◆ Your task ◆
Transcribe the following entries word for word. End with the line where "subsets (the shadow" appears.

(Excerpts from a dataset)
· · · · ·

(* For 2K_2 and P_4 the host graph is bipartite: one side is [m] with
   m = w^3 + 1, the other consists of k copies of every w^2-subset of [m], and a
   is joined to the copies of the subsets avoiding a.  If a colouring has no
   blue K_{1,n}, every a keeps so many red neighbours that the union of their
   subsets (the shadow of a) has more than m/2 elements.  Hence some i, j lie in
   each other's shadow, which gives a red induced 2K_2.  For P_4, either the red
   neighbourhoods of a and of some x in its shadow meet, giving a red induced
   P_4, or red neighbourhoods are disjoint along shadows and a greedy choice
   packs w + 1 of them into the second side, which is too small.
   For K_{t,t} the host is K_{m,N} with m = t (2g)^t and N = n + n/g + t: every
   vertex of the first side has more than N - n red edges, so averaging over
   t-subsets yields a t-set of red neighbours shared by t vertices.
   Taking w ~ (log n)^(1/4) and g ~ n^(1/(2t)) gives the stated orders. *)

From mathcomp Require Import all_boot.
From Stdlib Require Import Reals Lra.
(* Re-imported so that its [^] on nat shadows the one of [Reals]. *)
From mathcomp Require Import ssrnat zify.

Set Implicit Arguments.
Unset Strict Implicit.
Unset Printing Implicit Defensive.

Lemma IR_le_of_arrow (V : finType) (e : rel V) (W1 : finType) (h : rel W1)
    (W2 : finType) (g : rel W2) (x : R) :
  simple_graph e -> ind_arrow e h g -> (INR #|V| <= x)%R -> IR_le h g x.
Proof.
move=> [esym eirr] arrow le_x.
exists #|V|, (fun i j => e (enum_val i) (enum_val j)).
split; first by split=> [i j|i]; [exact: esym | exact: eirr].
split=> // col col_sym.
have [] := arrow (fun x y => col (enum_rank x) (enum_rank y)) (fun x y => col_sym _ _);
  move=> [f [f_inj [f_ind f_col]]]; [left | right];
  exists (fun u => enum_rank (f u)); split=> [u v /enum_rank_inj /f_inj //|];
  by split=> u v; rewrite ?enum_rankK // => /f_col.
Qed.

Lemma IR_le_trans (W1 : finType) (h : rel W1) (W2 : finType) (g : rel W2)
    (x y : R) :
  IR_le h g x -> (x <= y)%R -> IR_le h g y.
Proof.
move=> [m [e [e_simple [le_m arrow]]]] le_xy.
by exists m, e; split; [|split; [lra|]].
Qed.
Lemma coord_sum_eps_upto n l : (l <= n)%N -> coord_sum n (eps_upto l) = l%:Z.
Proof.
move=> Hl; rewrite /coord_sum (big_cat_nat (n := l.+1)) /=; try lia.
rewrite (eq_big_nat _ _ (F2 := fun=> 1)); last by move=> j Hj; rewrite /eps_upto ifT //; lia.
rewrite [X in _ + X](eq_big_nat _ _ (F2 := fun=> 0)); last first.
  by move=> j Hj; rewrite /eps_upto ifF //; lia.
by rewrite !sumr_const_nat mul0rn addr0 subn1 natz.
Qed.

Lemma size_le_head_sorted_gtn (s : seq nat) :
  sorted gtn s -> all (fun a => 0 < a)%N s -> (size s <= head 0 s)%N.
Proof.
elim: s => [|a s IH] //= Hsort /andP[Ha Hpos].
have := IH (path_sorted Hsort) Hpos.
by case: s Hsort {IH Hpos} => [|b s] /=; [lia | move=> /andP[Hab _]; lia].
Qed.

Lemma xi_la_strict n la : sorted gtn la -> all (fun a => 0 < a <= n)%N la ->
  xi_la n la = eps_upto (size la).
Proof.
elim: la => [|a t IH] Hsort Hall.
  rewrite xi_la_nil; apply: functional_extensionality => j.
  by rewrite /eps_upto /=; case: ifPn => //; lia.
have Hpos : all (fun a => 0 < a)%N (a :: t) by apply: sub_all _ Hall => b /andP[].
have /= Hsize := size_le_head_sorted_gtn Hsort Hpos.
move: Hall => /= /andP[Ha Hall].
rewrite xi_la_cons ?act_rho_weyl_small ?IH ?(path_sorted Hsort) //; try lia.
apply: functional_extensionality => j; rewrite epsE /eps_upto /=.
by do ![case: ifPn => ?]; try (exfalso; lia); rewrite ?oppr0 ?add0r ?addr0.
Qed.

Lemma in_PC_strict n la : in_PC n la -> (head 0 la <= n)%N ->
  sorted gtn la && all (fun a => 0 < a <= n)%N la.
Proof.
rewrite /in_PC; elim: la => [|a t IH] //= /andP[/andP[Ha Hall] Hsort] Han.
case: t IH Hall Hsort => [|b t] IH /=; first by rewrite andbT; lia.
move=> /andP[Hb Hall] /andP[/andP[_ Hba] Hsort].
rewrite Han /= in Hba.
have /andP[/= -> /= /andP[-> ->]] : sorted gtn (b :: t) && all (fun a => 0 < a <= n)%N (b :: t).
  by apply: IH => /=; [rewrite Hb Hall | lia].
by rewrite Hba !andbT; lia.
Qed.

· · · · ·

◆ Answer ◆
(* For 2K_2 and P_4 the host graph is bipartite: one side is [m] with
   m = w^3 + 1, the other consists of k copies of every w^2-subset of [m], and a
   is joined to the copies of the subsets avoiding a.  If a colouring has no
   blue K_{1,n}, every a keeps so many red neighbours that the union of their
   subsets (the shadow of a) has more than m/2 elements.  Hence some i, j lie in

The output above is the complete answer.